Все случилось как бы одномоментно: жгучий пинок, швырнувший его на мокрый бетон крыльца, кнопка домофона, до которой он тянулся, тянулся и не мог дотянуться, истошный крик жены: «Убили! Голубчика моего убили!»
Сирена «скорой».
Свет операционной.
Это была одномоментность автомобильной аварии, когда реакции водителя не хватает ни на что: ни на то, чтобы вмешаться в события, ни даже на то, чтобы понять, что происходит.
Ермаков лежал на правом боку, щекой к подушке, на высокой больничной кровати и ощущал себя раздавленным, вышибленным из колеи, униженным. Унизительным было все: казенная пижама, из рукавов которой торчали его большие волосатые руки, короста небритости на щеках, казавшийся трупным запах постельного белья, а главное – неловкость позы и вынужденная неподвижность.
Возле кровати сидел следователь, майор ФСБ, бесцветный, как все фээсбэшники, с папкой на коленях, заполнял бланк допроса потерпевшего. Ермаков не расположен был вести разговоры со следователем, ему нужно было очень многое обдумать, быстро понять, что произошло и что все это значит. Но отказаться от показаний не было очевидных причин. Поэтому он терпеливо отвечал на вопросы, повторил, что не имеет ни малейшего представления, кто мог быть заинтересован в его смерти. Он ожидал, что последуют расспросы о служебных делах, но вместо этого фээсбэшник попросил пояснить, знаком ли он с гражданкой такой‑то и в каких отношениях находится с гражданкой такой‑то.
Ермаков нахмурился.
– Ты к чему это ведешь, майор? – довольно резко спросил он.
Тот объяснил: есть заявление, он обязан отработать все версии.
– Какое заявление?
Следователь бесцветным голосом зачитал ему протокол допроса жены. Ермаков взорвался:
– Вот ее и допрашивай! Ее, понял? Она тебе все объяснит!.. Извини, майор.

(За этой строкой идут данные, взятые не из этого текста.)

Lemma qbernoulli_poly_coef_recurrence (x d : R) (beta g h : nat -> R) : 0 < d ->
  pseries_on beta (qbernoulli_gf q) d ->
  pseries_on g (qbernoulli_poly_gf q x) d ->
  pseries_on h (qbernoulli_poly_gf q (q * x)) d ->
  forall m, qint q (S m) * h (S m)
    = q ^ S m * (x - 1 / (q * qint q 2)) * g m
      - / q * sumR (fun k => q ^ k * g k * beta (S m - k)%nat) m.
Proof.
  intros Hd Hb Hg Hh m.
  destruct (qbernoulli_coef_01 beta d Hd Hb) as [Hb0 Hb1].
  set (d' := Rmin d (/ (Rabs x + 1))).
  assert (Hax := Rabs_pos x).
  assert (Hdd : d' <= d) by apply Rmin_l.
  assert (Hd'x : d' <= / (Rabs x + 1)) by apply Rmin_r.
  assert (Hd' : 0 < d') by (apply Rmin_glb_lt; [|apply Rinv_0_lt_compat]; lra).
  assert (Hsmall : forall t, 0 < t < d' -> 0 < t < 1 /\ Rabs (q * t * x) < 1).
  { intros t Ht.
    assert (t * (Rabs x + 1) < 1).
    { apply Rlt_le_trans with (d' * (Rabs x + 1)); [nra|].
      rewrite <- (Rinv_l (Rabs x + 1)) at 2 by lra.
      apply Rmult_le_compat_r; lra. }
    split; [nra|].
    rewrite !Rabs_mult, !Rabs_pos_eq by lra; nra. }
  assert (Hb' := pseries_on_le _ _ _ Hb d' Hdd).
  assert (Hg' := pseries_on_le _ _ _ Hg d' Hdd).
  assert (Hh' := pseries_on_le _ _ _ Hh d' Hdd).
  assert (Hqg := pseries_on_dilate _ _ _ Hg' q ltac:(lra)).
  assert (Hqh := pseries_on_dilate _ _ _ Hh' q ltac:(lra)).
  assert (Hcoef := pseries_on_coef_unique _ _ _ _ d' Hd'
    (pseries_on_minus _ _ _ _ _ Hh' Hqh)
    (pseries_on_scal _ _ _ (pseries_on_minus _ _ _ _ _
       (pseries_on_scal _ _ _ (pseries_on_incr_1 _ _ _ Hqg) (q * x))
       (pseries_on_scal _ _ _ (pseries_on_minus _ _ _ _ _
          (pseries_on_plus _ _ _ _ _ (pseries_on_mult _ _ _ _ _ Hqg Hb')
             (pseries_on_incr_1 _ _ _ Hqg)) Hqg) (/ q))) (1 - q))
    ltac:(intros t Ht; destruct (Hsmall t Ht); now apply qbernoulli_poly_gf_qdiff) (S m)).
  set (Ssum := sumR (fun k => q ^ k * g k * beta (S m - k)%nat) m).
  unfold PS_minus, PS_plus, PS_opp, PS_scal, PS_incr_1, PS_mult in Hcoef.
  rewrite sum_f_R0_sumR in Hcoef; cbn [sumR] in Hcoef.
  change (sumR _ m) with Ssum in Hcoef.
  replace (S m - m)%nat with 1%nat in Hcoef by lia.
  rewrite Nat.sub_diag, Hb0, Hb1 in Hcoef.
  simpl in Hcoef; unfold plus, opp, scal, mult in Hcoef; simpl in Hcoef; unfold mult in Hcoef.
  assert (Hq2 := qint_2 q hq).
  apply (Rmult_eq_reg_l (1 - q)); [|lra].
  transitivity (h (S m) + - (q * q ^ m * h (S m))); [unfold qint; simpl; field; lra|].
  rewrite Hcoef, Hq2; simpl; field; lra.
Qed.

Приходи в другой раз. Сейчас не могу с тобой разговаривать. Рана болит, – для приличия соврал он и даже пошутил, как бы еще раз извиняясь за свою вспышку. – Сам понимаешь, не каждый день в жопу стреляют. Тебе стреляли?
– Нет, – ответил следователь, убирая бумаги в папку. – В спину стреляли. А в жопу – нет, ни разу.
Следователь ушел. На широких скулах Ермакова заходили желваки.
«Сука. Ну сука! Господи, да за что же мне это?!»
Заглянула медсестра, сказала, что звонят из бюро пропусков: пришел сын.
– Пропустите, – разрешил Ермаков.
* * *
В жизни каждого человека был по крайней мере один поступок, которым он гордится.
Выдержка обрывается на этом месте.